[Given data]
=======
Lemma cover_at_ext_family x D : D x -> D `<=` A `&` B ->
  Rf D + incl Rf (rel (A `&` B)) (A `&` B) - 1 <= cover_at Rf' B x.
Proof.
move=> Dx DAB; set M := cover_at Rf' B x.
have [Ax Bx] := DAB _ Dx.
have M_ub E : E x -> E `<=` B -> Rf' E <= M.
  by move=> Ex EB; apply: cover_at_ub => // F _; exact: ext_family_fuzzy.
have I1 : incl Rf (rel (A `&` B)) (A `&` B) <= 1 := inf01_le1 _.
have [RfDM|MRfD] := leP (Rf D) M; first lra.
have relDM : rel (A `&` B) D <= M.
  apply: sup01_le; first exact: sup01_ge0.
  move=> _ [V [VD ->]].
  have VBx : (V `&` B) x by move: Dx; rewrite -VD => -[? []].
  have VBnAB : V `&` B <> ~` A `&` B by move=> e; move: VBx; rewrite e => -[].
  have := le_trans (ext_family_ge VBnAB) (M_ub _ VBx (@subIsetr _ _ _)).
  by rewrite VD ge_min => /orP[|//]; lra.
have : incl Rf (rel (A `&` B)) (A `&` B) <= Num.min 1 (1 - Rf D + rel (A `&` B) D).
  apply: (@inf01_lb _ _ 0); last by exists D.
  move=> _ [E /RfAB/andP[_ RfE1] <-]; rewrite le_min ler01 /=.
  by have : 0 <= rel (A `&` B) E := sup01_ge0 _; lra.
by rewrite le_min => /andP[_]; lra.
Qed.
=======
[Task goal] Give again exactly, and only, the lines above starting at the one with "have M_ub E" and ending at the one with "have VBnAB : V".

[Solution]
have M_ub E : E x -> E `<=` B -> Rf' E <= M.
  by move=> Ex EB; apply: cover_at_ub => // F _; exact: ext_family_fuzzy.
have I1 : incl Rf (rel (A `&` B)) (A `&` B) <= 1 := inf01_le1 _.
have [RfDM|MRfD] := leP (Rf D) M; first lra.
have relDM : rel (A `&` B) D <= M.
  apply: sup01_le; first exact: sup01_ge0.
  move=> _ [V [VD ->]].
  have VBx : (V `&` B) x by move: Dx; rewrite -VD => -[? []].
  have VBnAB : V `&` B <> ~` A `&` B by move=> e; move: VBx; rewrite e => -[].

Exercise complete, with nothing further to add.